Activity | Two lines in the data below mark the range: the one with "Section Defs." and the one with "[/\ A 1, forall". Return both, along with every line between them, exactly.

Records supplied |
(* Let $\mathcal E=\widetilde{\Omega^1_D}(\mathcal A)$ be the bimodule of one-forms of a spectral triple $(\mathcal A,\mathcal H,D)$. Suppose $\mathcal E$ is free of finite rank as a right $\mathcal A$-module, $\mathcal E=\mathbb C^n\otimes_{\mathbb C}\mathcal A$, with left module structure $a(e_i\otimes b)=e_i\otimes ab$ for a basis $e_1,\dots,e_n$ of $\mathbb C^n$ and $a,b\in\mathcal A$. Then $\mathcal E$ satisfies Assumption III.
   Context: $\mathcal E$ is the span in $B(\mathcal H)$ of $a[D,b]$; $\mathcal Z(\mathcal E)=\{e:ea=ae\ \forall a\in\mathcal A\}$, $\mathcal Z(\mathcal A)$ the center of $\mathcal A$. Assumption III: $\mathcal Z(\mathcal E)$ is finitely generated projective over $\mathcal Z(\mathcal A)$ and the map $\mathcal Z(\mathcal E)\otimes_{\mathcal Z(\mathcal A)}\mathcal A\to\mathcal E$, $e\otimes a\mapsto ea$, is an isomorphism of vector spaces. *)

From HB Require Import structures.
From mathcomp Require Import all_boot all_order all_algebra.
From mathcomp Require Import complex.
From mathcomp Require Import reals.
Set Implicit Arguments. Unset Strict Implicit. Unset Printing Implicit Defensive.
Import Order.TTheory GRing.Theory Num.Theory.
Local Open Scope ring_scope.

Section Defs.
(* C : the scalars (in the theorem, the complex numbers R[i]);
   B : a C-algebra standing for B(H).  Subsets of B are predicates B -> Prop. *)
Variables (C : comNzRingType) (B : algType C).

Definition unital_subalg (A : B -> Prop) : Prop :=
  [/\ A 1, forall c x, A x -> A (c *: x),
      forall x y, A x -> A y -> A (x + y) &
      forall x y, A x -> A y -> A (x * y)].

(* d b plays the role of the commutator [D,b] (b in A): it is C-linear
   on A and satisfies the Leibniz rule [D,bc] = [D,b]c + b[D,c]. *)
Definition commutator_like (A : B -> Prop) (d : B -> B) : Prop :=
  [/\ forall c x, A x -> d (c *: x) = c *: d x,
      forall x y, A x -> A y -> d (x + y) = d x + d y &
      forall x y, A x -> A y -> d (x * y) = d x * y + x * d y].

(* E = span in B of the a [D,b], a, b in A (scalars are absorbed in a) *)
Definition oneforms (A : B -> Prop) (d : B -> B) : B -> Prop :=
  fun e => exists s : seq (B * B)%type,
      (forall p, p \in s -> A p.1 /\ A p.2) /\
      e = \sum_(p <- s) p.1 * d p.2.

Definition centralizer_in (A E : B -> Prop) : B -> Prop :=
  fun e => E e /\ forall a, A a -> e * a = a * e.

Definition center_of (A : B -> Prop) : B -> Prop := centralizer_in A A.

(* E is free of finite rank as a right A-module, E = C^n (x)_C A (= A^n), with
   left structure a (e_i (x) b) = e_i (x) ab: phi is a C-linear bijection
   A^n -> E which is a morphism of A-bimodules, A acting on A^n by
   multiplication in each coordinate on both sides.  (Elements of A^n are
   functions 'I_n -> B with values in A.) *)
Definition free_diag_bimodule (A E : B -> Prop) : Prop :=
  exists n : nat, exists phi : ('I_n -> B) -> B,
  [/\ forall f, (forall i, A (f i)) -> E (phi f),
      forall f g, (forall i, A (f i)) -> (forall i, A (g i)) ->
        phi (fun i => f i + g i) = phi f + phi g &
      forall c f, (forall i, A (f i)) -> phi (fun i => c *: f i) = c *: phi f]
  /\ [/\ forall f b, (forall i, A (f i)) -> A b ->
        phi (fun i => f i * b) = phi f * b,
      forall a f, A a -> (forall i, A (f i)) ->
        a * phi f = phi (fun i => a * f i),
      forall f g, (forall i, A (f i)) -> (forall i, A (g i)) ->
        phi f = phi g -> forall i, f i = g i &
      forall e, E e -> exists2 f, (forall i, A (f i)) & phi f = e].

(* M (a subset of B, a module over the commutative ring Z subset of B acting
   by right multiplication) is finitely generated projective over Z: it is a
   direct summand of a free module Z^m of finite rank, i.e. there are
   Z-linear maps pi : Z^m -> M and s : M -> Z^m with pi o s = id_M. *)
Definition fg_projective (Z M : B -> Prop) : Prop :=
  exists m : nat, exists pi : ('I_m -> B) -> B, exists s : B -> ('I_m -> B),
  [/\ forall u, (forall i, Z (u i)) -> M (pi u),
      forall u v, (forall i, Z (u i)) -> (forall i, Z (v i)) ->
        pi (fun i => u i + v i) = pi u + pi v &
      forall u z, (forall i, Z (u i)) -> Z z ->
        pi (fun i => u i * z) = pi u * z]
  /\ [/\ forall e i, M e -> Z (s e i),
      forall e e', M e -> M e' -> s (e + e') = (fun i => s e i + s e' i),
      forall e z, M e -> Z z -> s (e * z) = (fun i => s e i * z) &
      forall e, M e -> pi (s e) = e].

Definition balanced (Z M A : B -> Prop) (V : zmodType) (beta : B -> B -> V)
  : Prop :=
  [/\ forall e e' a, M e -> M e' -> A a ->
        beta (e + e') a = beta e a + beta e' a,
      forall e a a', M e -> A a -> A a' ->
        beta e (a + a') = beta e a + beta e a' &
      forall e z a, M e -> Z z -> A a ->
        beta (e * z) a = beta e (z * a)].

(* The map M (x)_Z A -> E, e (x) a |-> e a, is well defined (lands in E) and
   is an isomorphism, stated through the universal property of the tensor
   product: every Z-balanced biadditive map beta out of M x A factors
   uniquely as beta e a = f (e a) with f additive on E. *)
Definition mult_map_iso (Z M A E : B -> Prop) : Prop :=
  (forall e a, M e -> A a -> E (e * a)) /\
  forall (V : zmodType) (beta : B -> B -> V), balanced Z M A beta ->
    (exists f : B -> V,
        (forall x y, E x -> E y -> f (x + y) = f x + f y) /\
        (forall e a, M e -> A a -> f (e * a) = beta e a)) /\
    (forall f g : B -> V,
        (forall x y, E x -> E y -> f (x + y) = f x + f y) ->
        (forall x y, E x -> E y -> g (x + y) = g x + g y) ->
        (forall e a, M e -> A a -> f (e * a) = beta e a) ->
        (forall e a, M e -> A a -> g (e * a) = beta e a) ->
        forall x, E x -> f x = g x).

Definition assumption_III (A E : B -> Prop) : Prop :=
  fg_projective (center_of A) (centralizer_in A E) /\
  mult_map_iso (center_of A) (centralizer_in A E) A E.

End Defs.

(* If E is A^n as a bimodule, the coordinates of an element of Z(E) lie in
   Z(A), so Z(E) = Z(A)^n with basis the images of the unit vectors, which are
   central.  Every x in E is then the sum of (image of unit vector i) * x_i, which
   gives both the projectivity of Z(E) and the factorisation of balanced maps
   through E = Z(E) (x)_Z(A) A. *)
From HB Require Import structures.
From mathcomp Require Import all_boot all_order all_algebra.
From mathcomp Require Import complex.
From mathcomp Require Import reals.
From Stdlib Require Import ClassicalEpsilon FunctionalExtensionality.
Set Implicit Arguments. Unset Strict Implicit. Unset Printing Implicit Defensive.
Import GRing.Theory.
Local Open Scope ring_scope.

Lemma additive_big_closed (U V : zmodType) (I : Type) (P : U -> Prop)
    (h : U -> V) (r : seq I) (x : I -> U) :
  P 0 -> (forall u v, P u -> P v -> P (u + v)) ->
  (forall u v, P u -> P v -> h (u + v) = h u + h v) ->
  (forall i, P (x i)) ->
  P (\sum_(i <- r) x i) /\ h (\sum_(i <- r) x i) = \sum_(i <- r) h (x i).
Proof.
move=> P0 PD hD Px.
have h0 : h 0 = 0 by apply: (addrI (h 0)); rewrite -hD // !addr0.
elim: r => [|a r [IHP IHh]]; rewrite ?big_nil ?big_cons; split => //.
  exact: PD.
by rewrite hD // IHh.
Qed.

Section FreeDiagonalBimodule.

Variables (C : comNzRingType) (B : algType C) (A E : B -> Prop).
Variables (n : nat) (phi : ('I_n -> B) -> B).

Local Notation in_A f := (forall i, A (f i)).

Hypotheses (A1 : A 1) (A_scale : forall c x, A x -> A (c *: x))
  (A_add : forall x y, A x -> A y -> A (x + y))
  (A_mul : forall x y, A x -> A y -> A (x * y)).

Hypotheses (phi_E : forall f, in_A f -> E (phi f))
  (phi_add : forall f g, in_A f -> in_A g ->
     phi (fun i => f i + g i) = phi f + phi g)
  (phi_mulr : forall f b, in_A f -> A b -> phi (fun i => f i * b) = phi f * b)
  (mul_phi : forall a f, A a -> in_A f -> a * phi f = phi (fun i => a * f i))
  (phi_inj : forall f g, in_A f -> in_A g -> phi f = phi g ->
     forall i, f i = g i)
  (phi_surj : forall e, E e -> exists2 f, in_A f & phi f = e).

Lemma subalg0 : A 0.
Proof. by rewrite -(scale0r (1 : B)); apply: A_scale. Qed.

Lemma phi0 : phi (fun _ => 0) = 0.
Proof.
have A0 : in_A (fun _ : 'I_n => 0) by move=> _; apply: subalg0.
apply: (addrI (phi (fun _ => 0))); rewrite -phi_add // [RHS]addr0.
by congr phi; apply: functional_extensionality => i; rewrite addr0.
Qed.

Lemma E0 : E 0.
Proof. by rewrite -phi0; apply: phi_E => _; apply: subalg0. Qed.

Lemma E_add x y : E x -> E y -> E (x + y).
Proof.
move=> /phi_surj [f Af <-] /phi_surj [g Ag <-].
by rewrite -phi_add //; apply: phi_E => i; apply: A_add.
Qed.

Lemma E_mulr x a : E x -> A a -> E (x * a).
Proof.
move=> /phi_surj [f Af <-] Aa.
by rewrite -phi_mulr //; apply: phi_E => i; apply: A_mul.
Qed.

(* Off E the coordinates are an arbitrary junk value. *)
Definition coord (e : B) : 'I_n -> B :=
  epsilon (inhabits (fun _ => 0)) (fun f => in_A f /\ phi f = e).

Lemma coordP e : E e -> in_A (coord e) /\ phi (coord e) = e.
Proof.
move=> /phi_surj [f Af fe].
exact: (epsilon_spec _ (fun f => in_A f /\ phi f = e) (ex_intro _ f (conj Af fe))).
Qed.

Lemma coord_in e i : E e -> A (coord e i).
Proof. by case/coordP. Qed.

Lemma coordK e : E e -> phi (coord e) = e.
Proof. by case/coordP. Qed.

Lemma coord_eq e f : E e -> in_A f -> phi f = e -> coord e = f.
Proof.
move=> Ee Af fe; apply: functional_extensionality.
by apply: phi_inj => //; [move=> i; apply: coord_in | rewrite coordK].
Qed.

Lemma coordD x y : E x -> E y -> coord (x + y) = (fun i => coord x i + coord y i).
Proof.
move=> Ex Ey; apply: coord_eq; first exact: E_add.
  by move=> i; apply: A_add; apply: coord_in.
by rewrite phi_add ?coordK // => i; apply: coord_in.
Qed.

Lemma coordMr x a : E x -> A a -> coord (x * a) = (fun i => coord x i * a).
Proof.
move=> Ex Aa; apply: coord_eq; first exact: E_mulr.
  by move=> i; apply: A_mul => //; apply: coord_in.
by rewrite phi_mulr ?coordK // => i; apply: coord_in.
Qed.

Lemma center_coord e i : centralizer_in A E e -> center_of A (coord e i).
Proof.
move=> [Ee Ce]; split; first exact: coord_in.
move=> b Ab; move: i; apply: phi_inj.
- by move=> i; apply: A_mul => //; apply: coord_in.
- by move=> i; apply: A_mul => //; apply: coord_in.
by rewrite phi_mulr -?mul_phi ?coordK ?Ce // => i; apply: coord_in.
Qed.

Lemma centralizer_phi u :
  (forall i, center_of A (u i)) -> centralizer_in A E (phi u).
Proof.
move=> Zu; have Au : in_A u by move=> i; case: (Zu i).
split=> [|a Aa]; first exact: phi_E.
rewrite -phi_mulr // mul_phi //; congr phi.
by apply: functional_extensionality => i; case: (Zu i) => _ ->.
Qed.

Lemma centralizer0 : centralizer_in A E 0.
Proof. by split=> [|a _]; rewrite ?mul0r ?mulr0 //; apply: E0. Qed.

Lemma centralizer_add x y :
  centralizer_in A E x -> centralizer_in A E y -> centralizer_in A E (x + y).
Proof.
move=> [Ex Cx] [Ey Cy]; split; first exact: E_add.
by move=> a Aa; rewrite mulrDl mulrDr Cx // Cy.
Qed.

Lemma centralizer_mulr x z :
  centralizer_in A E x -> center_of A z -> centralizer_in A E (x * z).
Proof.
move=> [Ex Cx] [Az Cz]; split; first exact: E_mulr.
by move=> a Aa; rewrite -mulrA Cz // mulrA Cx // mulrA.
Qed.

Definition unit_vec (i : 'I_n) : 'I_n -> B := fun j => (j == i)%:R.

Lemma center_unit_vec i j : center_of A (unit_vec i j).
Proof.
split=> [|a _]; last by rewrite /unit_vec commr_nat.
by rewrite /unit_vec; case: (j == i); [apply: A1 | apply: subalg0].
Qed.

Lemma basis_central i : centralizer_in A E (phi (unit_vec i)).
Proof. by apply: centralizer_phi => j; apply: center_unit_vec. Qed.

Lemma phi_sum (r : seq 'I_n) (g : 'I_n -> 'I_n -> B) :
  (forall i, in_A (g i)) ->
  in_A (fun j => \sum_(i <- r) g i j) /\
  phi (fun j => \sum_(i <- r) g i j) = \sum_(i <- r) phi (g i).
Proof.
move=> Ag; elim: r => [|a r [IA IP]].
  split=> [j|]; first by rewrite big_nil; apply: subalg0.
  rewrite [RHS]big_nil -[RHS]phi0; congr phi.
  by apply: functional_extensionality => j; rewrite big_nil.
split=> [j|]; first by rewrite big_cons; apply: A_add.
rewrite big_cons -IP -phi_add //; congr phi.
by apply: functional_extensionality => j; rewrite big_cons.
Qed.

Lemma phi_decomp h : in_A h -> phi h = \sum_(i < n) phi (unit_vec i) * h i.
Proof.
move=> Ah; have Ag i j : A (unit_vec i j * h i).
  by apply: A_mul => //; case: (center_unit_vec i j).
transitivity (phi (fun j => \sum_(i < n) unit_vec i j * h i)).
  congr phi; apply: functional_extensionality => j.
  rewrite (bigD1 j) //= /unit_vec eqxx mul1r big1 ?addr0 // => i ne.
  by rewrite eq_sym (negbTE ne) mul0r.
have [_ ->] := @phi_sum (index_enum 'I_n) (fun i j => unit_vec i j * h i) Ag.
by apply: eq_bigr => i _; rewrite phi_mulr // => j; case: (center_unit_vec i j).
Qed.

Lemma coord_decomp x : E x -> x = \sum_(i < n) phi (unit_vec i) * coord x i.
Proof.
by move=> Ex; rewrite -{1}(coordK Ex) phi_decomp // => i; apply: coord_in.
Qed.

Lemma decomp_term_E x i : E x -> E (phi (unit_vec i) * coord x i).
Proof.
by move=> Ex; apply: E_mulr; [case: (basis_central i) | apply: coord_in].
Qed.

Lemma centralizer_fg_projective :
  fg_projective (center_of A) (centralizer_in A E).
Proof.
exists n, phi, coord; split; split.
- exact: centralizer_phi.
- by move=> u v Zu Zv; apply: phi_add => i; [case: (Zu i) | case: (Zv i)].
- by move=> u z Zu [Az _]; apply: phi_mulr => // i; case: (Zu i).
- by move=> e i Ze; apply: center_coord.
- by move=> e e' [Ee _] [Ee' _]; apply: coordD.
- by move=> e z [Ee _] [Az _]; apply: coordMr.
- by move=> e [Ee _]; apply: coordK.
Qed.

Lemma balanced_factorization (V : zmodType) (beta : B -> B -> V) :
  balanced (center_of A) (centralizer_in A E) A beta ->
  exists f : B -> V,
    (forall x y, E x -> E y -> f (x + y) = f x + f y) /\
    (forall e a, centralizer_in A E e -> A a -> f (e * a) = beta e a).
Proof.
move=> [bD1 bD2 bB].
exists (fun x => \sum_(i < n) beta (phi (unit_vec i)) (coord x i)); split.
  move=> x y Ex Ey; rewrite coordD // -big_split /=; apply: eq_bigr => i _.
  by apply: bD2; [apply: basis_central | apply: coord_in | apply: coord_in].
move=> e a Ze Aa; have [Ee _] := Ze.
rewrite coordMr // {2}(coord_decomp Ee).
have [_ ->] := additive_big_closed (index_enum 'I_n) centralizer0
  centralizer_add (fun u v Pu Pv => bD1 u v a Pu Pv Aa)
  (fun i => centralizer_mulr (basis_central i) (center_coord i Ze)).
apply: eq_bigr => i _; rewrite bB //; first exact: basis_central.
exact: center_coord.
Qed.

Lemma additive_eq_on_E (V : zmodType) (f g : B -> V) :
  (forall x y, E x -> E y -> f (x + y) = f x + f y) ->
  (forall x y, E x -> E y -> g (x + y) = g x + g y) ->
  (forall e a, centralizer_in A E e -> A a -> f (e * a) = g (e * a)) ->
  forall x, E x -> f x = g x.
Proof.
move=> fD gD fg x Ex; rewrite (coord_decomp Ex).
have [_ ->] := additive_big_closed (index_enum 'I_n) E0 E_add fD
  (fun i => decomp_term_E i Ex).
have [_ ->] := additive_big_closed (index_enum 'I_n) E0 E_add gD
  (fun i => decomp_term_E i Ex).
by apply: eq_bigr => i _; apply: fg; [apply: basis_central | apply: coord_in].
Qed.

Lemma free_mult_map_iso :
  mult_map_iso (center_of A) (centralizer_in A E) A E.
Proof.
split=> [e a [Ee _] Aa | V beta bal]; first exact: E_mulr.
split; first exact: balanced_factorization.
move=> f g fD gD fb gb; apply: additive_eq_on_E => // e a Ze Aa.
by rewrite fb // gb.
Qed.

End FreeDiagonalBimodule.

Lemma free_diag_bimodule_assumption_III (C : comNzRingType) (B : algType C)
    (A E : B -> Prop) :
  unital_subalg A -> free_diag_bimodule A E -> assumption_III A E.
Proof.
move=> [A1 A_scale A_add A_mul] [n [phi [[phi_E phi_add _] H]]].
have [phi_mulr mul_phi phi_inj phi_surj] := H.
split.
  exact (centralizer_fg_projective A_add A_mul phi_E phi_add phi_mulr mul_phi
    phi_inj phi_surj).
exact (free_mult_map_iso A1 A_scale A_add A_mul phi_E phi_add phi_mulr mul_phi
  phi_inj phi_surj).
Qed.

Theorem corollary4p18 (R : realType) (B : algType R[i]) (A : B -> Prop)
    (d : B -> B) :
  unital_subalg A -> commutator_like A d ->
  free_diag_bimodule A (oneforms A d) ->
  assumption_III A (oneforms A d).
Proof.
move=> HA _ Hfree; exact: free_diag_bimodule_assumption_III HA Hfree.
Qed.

Finished exercise |
Section Defs.
(* C : the scalars (in the theorem, the complex numbers R[i]);
   B : a C-algebra standing for B(H).  Subsets of B are predicates B -> Prop. *)
Variables (C : comNzRingType) (B : algType C).

Definition unital_subalg (A : B -> Prop) : Prop :=
  [/\ A 1, forall c x, A x -> A (c *: x),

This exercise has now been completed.